=== TASK DETAILS ===
Every line of the material is to be repeated exactly as it stands.
_____
Lemma sum_n_telescope (q : nat -> C) (k : nat) :
  sum_n (fun i => q (S i) - q i) k = q (S k) - q O.
Proof.
  induction k as [|k IH]; [now rewrite sum_O|].
  rewrite sum_Sn, IH. change (q (S k) - q O + (q (S (S k)) - q (S k)) = q (S (S k)) - q O). ring.
Qed.

(* The partial products stay bounded by [|p N| exp (sum |u|)], so their increments
   [p n u n] form an absolutely convergent series. *)
Lemma ex_lim_prod_one_plus (p u : nat -> C) (N : nat) :
  (forall n, (N <= n)%nat -> p (S n) = p n * (1 + u n)) ->
  ex_series (fun n => Cmod (u n)) ->
  exists l, filterlim p eventually (locally l).
Proof.
  intros Hp Hu.
  set (q := fun k => p (N + k)%nat). set (g := fun k => Cmod (u (N + k)%nat)).
  assert (Hq : forall k, q (S k) = q k * (1 + u (N + k)%nat)).
  { intro k. unfold q. rewrite Nat.add_succ_r. apply Hp. lia. }
  assert (Hg0 : forall k, (0 <= g k)%R) by (intro; apply Cmod_ge_0).
  assert (Eg : ex_series g) by exact (proj1 (ex_series_incr_n (fun n => Cmod (u n)) N) Hu).
  assert (Hstep : forall k, (Cmod (1 + u (N + k)%nat) <= exp (g k))%R).
  { intro k. eapply Rle_trans; [apply Cmod_triangle|]. rewrite Cmod_1. apply exp_ineq1_le. }
  assert (Hgrowth : forall k, (Cmod (q (S k)) <= Cmod (q O) * exp (sum_n g k))%R).
  { induction k as [|k IH].
    - rewrite Hq, Cmod_mult, sum_O. apply Rmult_le_compat_l; [apply Cmod_ge_0|apply Hstep].
    - rewrite Hq, Cmod_mult, sum_Sn. change (plus (sum_n g k) (g (S k))) with (sum_n g k + g (S k))%R.
      rewrite exp_plus, <- Rmult_assoc.
      apply Rmult_le_compat; auto using Cmod_ge_0. }
  set (B := (Cmod (q O) * exp (Series g))%R).
  assert (Hbound : forall k, (Cmod (q k) <= B)%R).
  { intros [|k]; unfold B.
    - rewrite <- (Rmult_1_r (Cmod (q O))) at 1. apply Rmult_le_compat_l; [apply Cmod_ge_0|].
      rewrite <- exp_0. apply exp_le_compat. eapply Rle_trans; [apply (Hg0 O)|].
      rewrite <- sum_O. apply sum_n_le_Series; assumption.
    - eapply Rle_trans; [apply Hgrowth|]. apply Rmult_le_compat_l; [apply Cmod_ge_0|].
      apply exp_le_compat, sum_n_le_Series; assumption. }
  destruct (ex_series_Cmod_le (fun k => q (S k) - q k) (fun k => B * g k)%R) as [l Hl].
  { intro k. rewrite Hq. replace (q k * (1 + u (N + k)%nat) - q k) with (q k * u (N + k)%nat) by ring.
    rewrite Cmod_mult. apply Rmult_le_compat_r; [apply Hg0|apply Hbound]. }
  { now apply (ex_series_scal_l (K := R_AbsRing) (V := R_NormedModule)). }
  exists (q O + l). apply (filterlim_seq_shift _ (S N)).
  eapply filterlim_ext.
  { intro k. replace (S N + k)%nat with (N + S k)%nat by lia. change (p (N + S k)%nat) with (q (S k)).
    replace (q (S k)) with (q O + sum_n (fun i => q (S i) - q i) k) by (rewrite sum_n_telescope; ring).
    reflexivity. }
  eapply filterlim_comp_2; [apply filterlim_const|exact Hl|].
  apply (filterlim_plus (K := C_AbsRing) (V := C_NormedModule)).
Qed.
_____
=== COMPLETED EXERCISE ===
Lemma sum_n_telescope (q : nat -> C) (k : nat) :
  sum_n (fun i => q (S i) - q i) k = q (S k) - q O.
Proof.
  induction k as [|k IH]; [now rewrite sum_O|].
  rewrite sum_Sn, IH. change (q (S k) - q O + (q (S (S k)) - q (S k)) = q (S (S k)) - q O). ring.
Qed.

(* The partial products stay bounded by [|p N| exp (sum |u|)], so their increments
   [p n u n] form an absolutely convergent series. *)
Lemma ex_lim_prod_one_plus (p u : nat -> C) (N : nat) :
  (forall n, (N <= n)%nat -> p (S n) = p n * (1 + u n)) ->
  ex_series (fun n => Cmod (u n)) ->
  exists l, filterlim p eventually (locally l).
Proof.
  intros Hp Hu.
  set (q := fun k => p (N + k)%nat). set (g := fun k => Cmod (u (N + k)%nat)).
  assert (Hq : forall k, q (S k) = q k * (1 + u (N + k)%nat)).
  { intro k. unfold q. rewrite Nat.add_succ_r. apply Hp. lia. }
  assert (Hg0 : forall k, (0 <= g k)%R) by (intro; apply Cmod_ge_0).
  assert (Eg : ex_series g) by exact (proj1 (ex_series_incr_n (fun n => Cmod (u n)) N) Hu).
  assert (Hstep : forall k, (Cmod (1 + u (N + k)%nat) <= exp (g k))%R).
  { intro k. eapply Rle_trans; [apply Cmod_triangle|]. rewrite Cmod_1. apply exp_ineq1_le. }
  assert (Hgrowth : forall k, (Cmod (q (S k)) <= Cmod (q O) * exp (sum_n g k))%R).
  { induction k as [|k IH].
    - rewrite Hq, Cmod_mult, sum_O. apply Rmult_le_compat_l; [apply Cmod_ge_0|apply Hstep].
    - rewrite Hq, Cmod_mult, sum_Sn. change (plus (sum_n g k) (g (S k))) with (sum_n g k + g (S k))%R.
      rewrite exp_plus, <- Rmult_assoc.
      apply Rmult_le_compat; auto using Cmod_ge_0. }
  set (B := (Cmod (q O) * exp (Series g))%R).
  assert (Hbound : forall k, (Cmod (q k) <= B)%R).
  { intros [|k]; unfold B.
    - rewrite <- (Rmult_1_r (Cmod (q O))) at 1. apply Rmult_le_compat_l; [apply Cmod_ge_0|].
      rewrite <- exp_0. apply exp_le_compat. eapply Rle_trans; [apply (Hg0 O)|].
      rewrite <- sum_O. apply sum_n_le_Series; assumption.
    - eapply Rle_trans; [apply Hgrowth|]. apply Rmult_le_compat_l; [apply Cmod_ge_0|].
      apply exp_le_compat, sum_n_le_Series; assumption. }
  destruct (ex_series_Cmod_le (fun k => q (S k) - q k) (fun k => B * g k)%R) as [l Hl].
  { intro k. rewrite Hq. replace (q k * (1 + u (N + k)%nat) - q k) with (q k * u (N + k)%nat) by ring.
    rewrite Cmod_mult. apply Rmult_le_compat_r; [apply Hg0|apply Hbound]. }
  { now apply (ex_series_scal_l (K := R_AbsRing) (V := R_NormedModule)). }
  exists (q O + l). apply (filterlim_seq_shift _ (S N)).
  eapply filterlim_ext.
  { intro k. replace (S N + k)%nat with (N + S k)%nat by lia. change (p (N + S k)%nat) with (q (S k)).
    replace (q (S k)) with (q O + sum_n (fun i => q (S i) - q i) k) by (rewrite sum_n_telescope; ring).
    reflexivity. }
  eapply filterlim_comp_2; [apply filterlim_const|exact Hl|].
  apply (filterlim_plus (K := C_AbsRing) (V := C_NormedModule)).
Qed.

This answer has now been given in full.